Wednesday, October 11, 2006

Spotlight On Carolyn Meyer

Name: Carolyn Meyer
Birth: June 8, 1935 in Lewistown, Pennsylvania
Bio: Grew up loving to read and write. Since adulthood has published around 50 books.
Recent bibliography:
Loving Will Shakespeare (2006)
Marie, Dancing (2005)
Patience, Princess Catherine (2004)
Doomed Queen Anne (2002)
Beware, Princess Elizabeth (2001)
Mary, Bloody Mary (1999)
White Lilacs (1993)

I have already reviewed one of Meyer's books, Loving Will Shakespeare, but I will repost a bit of that review to refresh everyone's memory. It is one of the best books I've read this year.

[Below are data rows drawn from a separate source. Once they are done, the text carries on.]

(* Suppose Assumption A holds. If the quadratic eigenvalue multiplicity $k$ satisfies $k\ge m+2$, then $\operatorname{conv}(\mathcal D)=\mathcal D_{\mathrm{SDP}}$.
   Context: Fix integers $N\ge 1$, $m_I,m_E\ge 0$, $m:=m_I+m_E\ge 1$; $[a,b]=\{a,\dots,b\}$, $[n]=[1,n]$. For $i\in[0,m]$ let $q_i(x)=x^\top A_ix+2b_i^\top x+c_i$ with $A_i\in\mathbb S^N$, $b_i\in\mathbb R^N$, $c_i\in\mathbb R$. $\mathcal D:=\{(x,t)\in\mathbb R^N\times\mathbb R: q_0(x)\le 2t,\ q_i(x)\le0\ \forall i\in[m_I],\ q_i(x)=0\ \forall i\in[m_I+1,m]\}$. Let $Q_i=\begin{pmatrix}c_i& b_i^\top\\ b_i& A_i\end{pmatrix}$; $\mathcal D_{\mathrm{SDP}}:=\{(x,t):\exists X\in\mathbb S^N$ with $Y=\begin{pmatrix}1&x^\top\\ x& X\end{pmatrix}\succeq0$, $\langle Q_0,Y\rangle\le 2t$, $\langle Q_i,Y\rangle\le 0\ \forall i\in[m_I]$, $\langle Q_i,Y\rangle= 0\ \forall i\in[m_I+1,m]\}$. $A(\gamma)=A_0+\sum_{i=1}^m\gamma_iA_i$. Assumption A: the QCQP feasible set $\{x: q_i(x)\le0\ \forall i\in[m_I],\ q_i(x)=0\ \forall i\in[m_I+1,m]\}$ is nonempty and some $\gamma^*\in\mathbb R^m$ with $\gamma^*_i\ge0$ ($i\in[m_I]$) has $A(\gamma^* )\succ0$. The quadratic eigenvalue multiplicity is the largest integer $k$ (with $N=nk$) such that for every $i\in[0,m]$ there is $\mathcal A_i\in\mathbb S^n$ with $A_i=I_k\otimes\mathcal A_i$. *)

From HB Require Import structures.
From mathcomp Require Import all_boot all_order all_algebra.
Set Implicit Arguments. Unset Strict Implicit. Unset Printing Implicit Defensive.
Import Order.TTheory GRing.Theory Num.Theory.
Local Open Scope ring_scope.

Section Defs.
Variable R : rcfType.

Definition symmx n (M : 'M[R]_n) : Prop := M^T = M.

Definition psd n (M : 'M[R]_n) : Prop :=
  symmx M /\ forall v : 'cV[R]_n, 0 <= (v^T *m M *m v) 0 0.

Definition pd n (M : 'M[R]_n) : Prop :=
  symmx M /\ forall v : 'cV[R]_n, v != 0 -> 0 < (v^T *m M *m v) 0 0.

Definition frob n (P Q : 'M[R]_n) : R := \tr (P^T *m Q).

Definition kron m1 n1 m2 n2 (A : 'M[R]_(m1, n1)) (B : 'M[R]_(m2, n2))
  : 'M[R]_(m1 * m2, n1 * n2) :=
  \matrix_(i, j) \sum_(a < m1) \sum_(b < m2) \sum_(c < n1) \sum_(d < n2)
     (if ((i == a * m2 + b :> nat) && (j == c * n2 + d :> nat))%N
      then A a c * B b d else 0).

Definition quad N (A : 'M[R]_N) (b : 'cV[R]_N) (c : R) (x : 'cV[R]_N) : R :=
  (x^T *m A *m x) 0 0 + 2 * (b^T *m x) 0 0 + c.

Definition Qmat N (A : 'M[R]_N) (b : 'cV[R]_N) (c : R) : 'M[R]_(1 + N) :=
  block_mx c%:M b^T b A.

Definition Ymat N (x : 'cV[R]_N) (X : 'M[R]_N) : 'M[R]_(1 + N) :=
  block_mx 1%:M x^T x X.

(* Constraint data: index 0 is the objective, indices 1..mI are inequality
   constraints and mI+1..mI+mE are equality constraints; m = mI + mE. *)

Definition feas N (m mI : nat) (A : 'I_m.+1 -> 'M[R]_N) (b : 'I_m.+1 -> 'cV[R]_N)
  (c : 'I_m.+1 -> R) (x : 'cV[R]_N) : Prop :=
  (forall i : 'I_m.+1, (0 < i <= mI)%N -> quad (A i) (b i) (c i) x <= 0) /\
  (forall i : 'I_m.+1, (mI < i)%N -> quad (A i) (b i) (c i) x = 0).

Definition D_QCQP N (m mI : nat) (A : 'I_m.+1 -> 'M[R]_N) (b : 'I_m.+1 -> 'cV[R]_N)
  (c : 'I_m.+1 -> R) (x : 'cV[R]_N) (t : R) : Prop :=
  quad (A 0) (b 0) (c 0) x <= 2 * t /\ feas mI A b c x.

Definition D_SDP N (m mI : nat) (A : 'I_m.+1 -> 'M[R]_N) (b : 'I_m.+1 -> 'cV[R]_N)
  (c : 'I_m.+1 -> R) (x : 'cV[R]_N) (t : R) : Prop :=
  exists X : 'M[R]_N, symmx X /\ psd (Ymat x X) /\
    frob (Qmat (A 0) (b 0) (c 0)) (Ymat x X) <= 2 * t /\
    (forall i : 'I_m.+1, (0 < i <= mI)%N -> frob (Qmat (A i) (b i) (c i)) (Ymat x X) <= 0) /\
    (forall i : 'I_m.+1, (mI < i)%N -> frob (Qmat (A i) (b i) (c i)) (Ymat x X) = 0).

Definition convhull N (S : 'cV[R]_N -> R -> Prop) (x : 'cV[R]_N) (t : R) : Prop :=
  exists (p : nat) (l : 'I_p -> R) (xs : 'I_p -> 'cV[R]_N) (ts : 'I_p -> R),
    (forall j, 0 <= l j) /\ \sum_(j < p) l j = 1 /\ (forall j, S (xs j) (ts j)) /\
    x = \sum_(j < p) l j *: xs j /\ t = \sum_(j < p) l j * ts j.

(* A(gamma) = A_0 + sum_{i=1}^m gamma_i A_i  (gamma indexed from 0) *)
Definition Agamma N (m : nat) (A : 'I_m.+1 -> 'M[R]_N) (g : 'I_m -> R) : 'M[R]_N :=
  A 0 + \sum_(i < m) g i *: A (lift ord0 i).

Definition assumptionA N (m mI : nat) (A : 'I_m.+1 -> 'M[R]_N) (b : 'I_m.+1 -> 'cV[R]_N)
  (c : 'I_m.+1 -> R) : Prop :=
  (exists x, feas mI A b c x) /\
  exists g : 'I_m -> R, (forall i : 'I_m, (i < mI)%N -> 0 <= g i) /\ pd (Agamma A g).

Definition has_mult N (m : nat) (A : 'I_m.+1 -> 'M[R]_N) (k : nat) : Prop :=
  exists (n : nat) (e : (k * n)%N = N) (cA : 'I_m.+1 -> 'M[R]_n),
    forall i, symmx (cA i) /\ A i = castmx (e, e) (kron (1%:M : 'M[R]_k) (cA i)).
(* Consider the one-hidden-layer ReLU network setting below, trained by gradient descent with Polyak's momentum with step size $\eta>0$ and momentum parameter $\beta\in[0,1]$. Fix $R>0$ and $t\ge0$, and assume $\|w^{(r)}_s-w^{(r)}_0\|\le R$ for all $r\in[m]$ and all $s\in\{0,1,\dots,t+1\}$. Let $\xi_s:=u_s-y\in\mathbb{R}^n$ and define $$\iota_t:=\eta(H_0-H_t)\xi_t,\qquad \phi_t:=\xi_{t+1}-(1+\beta)\xi_t+\beta\xi_{t-1}+\eta H_t\xi_t,$$ so that $\begin{bmatrix}\xi_{t+1}\\ \xi_t\end{bmatrix}=\begin{bmatrix}(1+\beta)I_n-\eta H_0&-\beta I_n\\ I_n&0\end{bmatrix}\begin{bmatrix}\xi_t\\ \xi_{t-1}\end{bmatrix}+\begin{bmatrix}\phi_t+\iota_t\\0\end{bmatrix}$. Then for every $i\in[n]$, $$|\phi_t[i]|\le\frac{2\eta\sqrt n\,|S_i^\perp|}{m}\Big(\|u_t-y\|+\beta\sum_{s=0}^{t-1}\beta^{t-1-s}\|u_s-y\|\Big).$$
   Context: Data $x_1,\dots,x_n\in\mathbb{R}^d$ with $\|x_i\|\le1$, labels $y\in\mathbb{R}^n$. Network $\mathcal N_W(x)=\frac{1}{\sqrt m}\sum_{r=1}^m a_r\sigma(\langle w^{(r)},x\rangle)$ with $\sigma(z)=z\mathbb{1}\{z\ge0\}$, fixed $a_r\in\{-1,1\}$, trainable $W=\{w^{(r)}\}_{r=1}^m\subset\mathbb{R}^d$. Loss $\ell(W)=\frac12\sum_i(y_i-\mathcal N_W(x_i))^2$, subgradient $\frac{\partial\ell(W)}{\partial w^{(r)}}:=\frac1{\sqrt m}\sum_{i=1}^n(\mathcal N_W(x_i)-y_i)a_r\mathbb{1}\{\langle w^{(r)},x_i\rangle\ge0\}x_i$. Gradient descent with Polyak's momentum: $w^{(r)}_{-1}:=w^{(r)}_0$, $w^{(r)}_{t+1}=w^{(r)}_t-\eta\frac{\partial\ell(W_t)}{\partial w^{(r)}_t}+\beta(w^{(r)}_t-w^{(r)}_{t-1})$. $u_t\in\mathbb{R}^n$ has entries $u_t[i]=\mathcal N_{W_t}(x_i)$. $H_t\in\mathbb{R}^{n\times n}$ has entries $(H_t)_{ij}=\frac1m\sum_{r=1}^m x_i^\top x_j\mathbb{1}\{\langle w^{(r)}_t,x_i\rangle\ge0\ \&\ \langle w^{(r)}_t,x_j\rangle\ge0\}$. For $i\in[n]$, $r\in[m]$, $A_{ir}$ is the event that there exists $w$ with $\|w-w^{(r)}_0\|\le R$ and $\mathbb{1}\{x_i^\top w^{(r)}_0\ge0\}\ne\mathbb{1}\{x_i^\top w\ge0\}$; $S_i:=\{r\in[m]:A_{ir}\text{ does not hold}\}$ and $S_i^\perp:=[m]\setminus S_i$. *)

From HB Require Import structures.
From mathcomp Require Import all_boot all_order all_algebra.
From mathcomp Require Import boolp reals.
Set Implicit Arguments. Unset Strict Implicit. Unset Printing Implicit Defensive.
Import Order.TTheory GRing.Theory Num.Theory.
Local Open Scope ring_scope.
(* Let $\Gamma=\{\mathrm{id},\gamma\}$ and $\tau(\gamma)$ be the half-turn $(x,y,z)\mapsto(x,-y,-z)$. Let $G$ be a $\Gamma$-symmetric graph (write $u'=\phi(\gamma)u$) with an edge $vv'$ where $v\ne v'$. Let $G_1$ be the graph with $V(G_1)=V(G)\cup\{w,w'\}$ ($w,w'$ new, swapped by the action) and $E(G_1)=E(G)\setminus\{vv'\}\cup\{wv,wv',w'v,w'v',ww'\}$. If $G$ is $\tau(\Gamma)$-rigid on $\mathcal{Y}$, then $G_1$ is $\tau(\Gamma)$-rigid on $\mathcal{Y}$.
   Context: $\mathcal{Y}=\{(x,y,z):x^2+y^2=1\}$. A framework on $\mathcal{Y}$ is $(G,p)$, $G$ finite simple, $p:V\to\mathcal{Y}$, $p(u)\neq p(v)$ for edges $uv$. Its rigidity matrix $R_{\mathcal{Y}}(G,p)$ is the $(|E|+|V|)\times 3|V|$ matrix with a row for each edge $v_iv_j$ having $p(v_i)-p(v_j)$ in the columns of $v_i$ and $p(v_j)-p(v_i)$ in those of $v_j$, and a row for each vertex $v_i$ with $p(v_i)=(x_i,y_i,z_i)$ having $(x_i,y_i,0)$ in the columns of $v_i$ (zeros elsewhere). The framework is infinitesimally rigid if every kernel vector $u$ has the form $u_i=(0,0,a)+b(-y_i,x_i,0)$. A graph is $\Gamma$-symmetric if equipped with a homomorphism $\phi:\Gamma\to\operatorname{Aut}(G)$. A framework is $\Gamma$-symmetric w.r.t. $\phi,\tau$ if $\tau(\gamma)p(v)=p(\phi(\gamma)v)$. $G$ is $\tau(\Gamma)$-rigid if some $\Gamma$-symmetric framework $(G,p)$ on $\mathcal{Y}$ is infinitesimally rigid. *)

From HB Require Import structures.
From mathcomp Require Import all_boot all_order all_algebra.
From mathcomp Require Import reals.
Set Implicit Arguments. Unset Strict Implicit. Unset Printing Implicit Defensive.
Import Order.TTheory GRing.Theory Num.Theory.
Local Open Scope ring_scope.

Section Defs.
Variable R : realType.

Record pt := Pt { px : R; py : R; pz : R }.

Definition dot3 (a b : pt) : R := px a * px b + py a * py b + pz a * pz b.
Definition sub3 (a b : pt) : pt := Pt (px a - px b) (py a - py b) (pz a - pz b).

Definition on_cyl (q : pt) : Prop := px q ^+ 2 + py q ^+ 2 = 1.

Definition halfturn (q : pt) : pt := Pt (px q) (- py q) (- pz q).

Variable V : finType.

Definition framework_on_cyl (E : rel V) (p : V -> pt) : Prop :=
  (forall i, on_cyl (p i)) /\ (forall i j, E i j -> p i <> p j).

(* u : V -> R^3 (a vector of R^{3|V|}) lies in the kernel of the rigidity
   matrix R_Y(G,p): the row of edge v_i v_j gives
   (p_i - p_j).u_i + (p_j - p_i).u_j = 0, the row of vertex v_i gives
   (x_i, y_i, 0).u_i = 0. *)
Definition in_ker_rigmx (E : rel V) (p : V -> pt) (u : V -> pt) : Prop :=
  (forall i j, E i j ->
      dot3 (sub3 (p i) (p j)) (u i) + dot3 (sub3 (p j) (p i)) (u j) = 0) /\
  (forall i, dot3 (Pt (px (p i)) (py (p i)) 0) (u i) = 0).

Definition inf_rigid (E : rel V) (p : V -> pt) : Prop :=
  forall u, in_ker_rigmx E p u ->
    exists a b : R, forall i,
      u i = Pt (0 + b * - py (p i)) (0 + b * px (p i)) (a + b * 0).

(* Gamma = {id, gamma} = Z/2 acts on G via phi(gamma) = s, an involutive
   graph automorphism. *)
Definition simple_graph (E : rel V) : Prop :=
  (forall i j, E i j = E j i) /\ (forall i, ~~ E i i).
Definition Z2_action (E : rel V) (s : V -> V) : Prop :=
  (forall i, s (s i) = i) /\ (forall i j, E (s i) (s j) = E i j).

(* framework Gamma-symmetric wrt phi, tau: tau(gamma) p(v) = p(phi(gamma) v)
   (the condition for gamma = id is trivial) *)
Definition sym_framework (s : V -> V) (p : V -> pt) : Prop :=
  forall i, halfturn (p i) = p (s i).

Definition tau_rigid (E : rel V) (s : V -> V) : Prop :=
  exists p : V -> pt, framework_on_cyl E p /\ sym_framework s p /\ inf_rigid E p.

End Defs.

(* The graph G1: vertices V + bool, inl a = old vertex a, inr false = w,
   inr true = w'. *)
Section Ext.
Variables (V : finType) (E : rel V) (s : V -> V) (v : V).

Definition is_vv' (a b : V) : bool :=
  ((a == v) && (b == s v)) || ((a == s v) && (b == v)).

Definition ext_edge (x y : V + bool) : bool :=
  match x, y with
  | inl a, inl b => E a b && ~~ is_vv' a b
  | inl a, inr _ => (a == v) || (a == s v)
  | inr _, inl b => (b == v) || (b == s v)
  | inr c, inr d => c != d
  end.

Definition ext_act (x : V + bool) : V + bool :=
  match x with
  | inl a => inl (s a)
  | inr c => inr (~~ c)
  end.
End Ext.

From HB Require Import structures.
From mathcomp Require Import all_boot all_order all_algebra.
From mathcomp Require Import boolp reals ring lra.
Set Implicit Arguments. Unset Strict Implicit. Unset Printing Implicit Defensive.
Import Order.TTheory GRing.Theory Num.Theory.
Local Open Scope ring_scope.

(* Deleting vv' from the rigid symmetric framework (G, p) leaves a kernel
   spanned by the trivial motions and at most one further vector m, which can
   be made gamma-symmetric by adding its mirror image and which is then
   nonzero on the row of vv'.  Keep p on G, put w at a point Q of the cylinder
   and w' at its half-turn.  Modulo a trivial motion a kernel vector of G1 is
   k m on G, and the rows of w, w' and of the five new edges form a 7 x 7
   linear system in k and the velocities of w, w'; Q is chosen, by cases on
   the position of p(v), so that this system has only the zero solution. *)

Section Geometry.
Variable R : realType.
Implicit Types (P Q D X Y : pt R) (k : R).

Definition zero3 : pt R := Pt 0 0 0.
Definition add3 P Q : pt R := Pt (px P + px Q) (py P + py Q) (pz P + pz Q).
Definition scale3 k P : pt R := Pt (k * px P) (k * py P) (k * pz P).
Definition surface_row P X := dot3 (Pt (px P) (py P) 0) X.
Definition edge_row P Q X Y := dot3 (sub3 P Q) X + dot3 (sub3 Q P) Y.

Definition trivial_motion (a b : R) P : pt R :=
  Pt (0 + b * - py P) (0 + b * px P) (a + b * 0).

Lemma halfturnK : involutive (@halfturn R).
Proof. by case=> a b c; rewrite /halfturn /= !opprK. Qed.

Lemma on_cyl_halfturn P : on_cyl P -> on_cyl (halfturn P).
Proof. by rewrite /on_cyl /= sqrrN. Qed.

Lemma edge_row_halfturn P Q X Y :
  edge_row (halfturn P) (halfturn Q) (halfturn X) (halfturn Y) = edge_row P Q X Y.
Proof. rewrite /edge_row /dot3 /=; ring. Qed.

Lemma surface_row_halfturn P X :
  surface_row (halfturn P) (halfturn X) = surface_row P X.
Proof. rewrite /surface_row /dot3 /=; ring. Qed.

Lemma edge_row_add P Q X Y X' Y' :
  edge_row P Q (add3 X X') (add3 Y Y') = edge_row P Q X Y + edge_row P Q X' Y'.
Proof. rewrite /edge_row /dot3 /=; ring. Qed.

Lemma edge_row_scale k P Q X Y :
  edge_row P Q (scale3 k X) (scale3 k Y) = k * edge_row P Q X Y.
Proof. rewrite /edge_row /dot3 /=; ring. Qed.

Lemma surface_row_add P X X' :
  surface_row P (add3 X X') = surface_row P X + surface_row P X'.
Proof. rewrite /surface_row /dot3 /=; ring. Qed.

Lemma surface_row_scale k P X : surface_row P (scale3 k X) = k * surface_row P X.
Proof. rewrite /surface_row /dot3 /=; ring. Qed.

Lemma add3_scaleN_eq k X Y Z : add3 X (scale3 (- k) Y) = Z -> X = add3 Z (scale3 k Y).
Proof.
case: X Y Z => x1 x2 x3 [y1 y2 y3] [z1 z2 z3]; rewrite /add3 /scale3 /= => -[<- <- <-].
by congr Pt; ring.
Qed.

(* [P] is the position of v, [D] the velocity of v under m, [Q] and
   [halfturn Q] are the positions of w and w'; [X] and [Y] their velocities. *)
Definition rigidifying_point P D Q : Prop :=
  [/\ on_cyl Q, Q <> P, Q <> halfturn P, Q <> halfturn Q &
   forall k X Y, k = 0 \/ dot3 (sub3 P (halfturn P)) D != 0 ->
     surface_row Q X = 0 -> surface_row (halfturn Q) Y = 0 ->
     edge_row Q P X (scale3 k D) = 0 ->
     edge_row Q (halfturn P) X (scale3 k (halfturn D)) = 0 ->
     edge_row (halfturn Q) P Y (scale3 k D) = 0 ->
     edge_row (halfturn Q) (halfturn P) Y (scale3 k (halfturn D)) = 0 ->
     edge_row Q (halfturn Q) X Y = 0 ->
     [/\ k = 0, X = zero3 & Y = zero3]].

Lemma rigidifying_point_generic a b c D : a != 0 -> b != 0 ->
  a ^+ 2 + b ^+ 2 = 1 -> rigidifying_point (Pt a b c) D (Pt a b (c + 1)).
Proof.
move=> a0 b0 cyl; split => //; try by case; lra.
move: D => [d1 d2 d3] k [x1 x2 x3] [y1 y2 y3].
rewrite /surface_row /edge_row /dot3 /halfturn /= => hk *.
have {hk} k0 : k = 0.
  have : k * (b * d2 + c * d3) = 0 by lra.
  case: hk => // /eqP hD /eqP; rewrite mulf_eq0 => /orP[/eqP //|/eqP hD'].
  by case: hD; lra.
subst k.
have hx3 : x3 = 0 by lra.
have hy3 : y3 = 0 by lra.
subst x3 y3.
have hx2 : x2 = 0 by apply: (mulfI b0); rewrite mulr0; lra.
have hy2 : y2 = 0 by apply: (mulfI b0); rewrite mulr0; lra.
subst x2 y2.
have hx1 : x1 = 0 by apply: (mulfI a0); rewrite mulr0; lra.
have hy1 : y1 = 0 by apply: (mulfI a0); rewrite mulr0; lra.
by subst.
Qed.

Lemma rigidifying_point_xz a c g D : a != 0 -> c != 0 -> g != 0 ->
  (pz D != 0 -> py D + g * pz D != 0) ->
  rigidifying_point (Pt a 0 c) D (Pt 0 1 g).
Proof.
move=> a0 c0 g0 hg; split => //; try by case; lra.
  by rewrite /on_cyl /=; lra.
move: D hg => [d1 d2 d3] /= hg k [x1 x2 x3] [y1 y2 y3].
rewrite /surface_row /edge_row /dot3 /halfturn /= => hk *.
have hx2 : x2 = 0 by lra.
have hy2 : y2 = 0 by lra.
subst x2 y2.
have hxy3 : x3 - y3 = 0 by apply: (mulfI g0); rewrite mulr0; lra.
have hxy3' : x3 + y3 = 0 by apply: (mulfI c0); rewrite mulr0; lra.
have hx3 : x3 = 0 by lra.
have hy3 : y3 = 0 by lra.
subst x3 y3.
have {hk} k0 : k = 0.
  have : k * (d2 + g * d3) = 0 by lra.
  case: hk => // /eqP hD /eqP; rewrite mulf_eq0 => /orP[/eqP //|/eqP hD'].
  have d30 : d3 != 0 by apply/eqP => d30; apply: hD; rewrite d30; lra.
  by move: (hg d30); rewrite hD' eqxx.
subst k.
have hx1 : x1 = 0 by apply: (mulfI a0); rewrite mulr0; lra.
have hy1 : y1 = 0 by apply: (mulfI a0); rewrite mulr0; lra.
by subst.
Qed.

Lemma rigidifying_point_yz b c t D : b != 0 -> t ^+ 2 = 1 -> py D = 0 ->
  (c * pz D != 0 -> c * pz D != t * px D) ->
  rigidifying_point (Pt 0 b c) D (Pt t 0 1).
Proof.
move=> b0 t2 d20 ht.
have t0 : t != 0 by apply/eqP => t0; move: t2; rewrite t0; lra.
split => //; try by case; lra.
  by rewrite /on_cyl /=; lra.
move: D d20 ht => [d1 d2 d3] /= -> ht k [x1 x2 x3] [y1 y2 y3].
rewrite /surface_row /edge_row /dot3 /halfturn /= => hk *.
have hx1 : x1 = 0 by apply: (mulfI t0); rewrite mulr0; lra.
have hy1 : y1 = 0 by apply: (mulfI t0); rewrite mulr0; lra.
subst x1 y1.
have hx3 : x3 = 0 by lra.
have hy3 : y3 = 0 by lra.
subst x3 y3.
have {hk} k0 : k = 0.
  have : k * (c * d3 - t * d1) = 0 by lra.
  case: hk => // /eqP hD /eqP; rewrite mulf_eq0 => /orP[/eqP //|/eqP hD'].
  have cd30 : c * d3 != 0 by apply/eqP => cd30; apply: hD; lra.
  by move: (ht cd30); rewrite -subr_eq0 hD' eqxx.
subst k.
have hx2 : x2 = 0 by apply: (mulfI b0); rewrite mulr0; lra.
have hy2 : y2 = 0 by apply: (mulfI b0); rewrite mulr0; lra.
by subst.
Qed.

Told from Anne Hathaway's perspective, LOVING WILL SHAKESPEARE, is her memoir of sorts. Using the framework of her just having received a letter from her husband in 1611, the rest of the book is her recollection of her life up until that point...a sharing of sorts with the reader of how the then-famous Shakespeare had become her husband. Starting with her early childhood she recounts what life was like growing up in a rural village. Meyer provides the reader with a detailed, believable setting. For example, there are certain historical facts that most readers are intellectually aware of to some extent about this time period...the various plagues that were capable of appearing at any time and destroying entire communities and the ongoing struggle both politically and socially of Catholics and Protestants. But Meyer brings these two issues to life in her book. Anne loses not only her mother to the plague, but twenty years later she loses her fiance to the disease as well. And while none of the major plot lines revolve around religion, many of the minor ones do. As far as romance is concerned, Meyer presents a story where two people who have grown up in the same community become friends over a period of time and their friendship deepens and ripens when Shakespeare is beginning to come of age. It is an intellectual, mutual attraction of minds AND bodies when the time comes. That the young man later falls more in love with the stage and writing breaks her heart, but she accepts what crumbs she's given at that point. And although LOVING WILL SHAKESPEARE is a more romantic portrayal or perspective of "what might have been" is well grounded in that her characters are well-developed. Each character has strengths and weaknesses.

I plan on posting two more reviews of Meyer's books this week: Mary, Bloody Mary and Beware, Princess Elizabeth.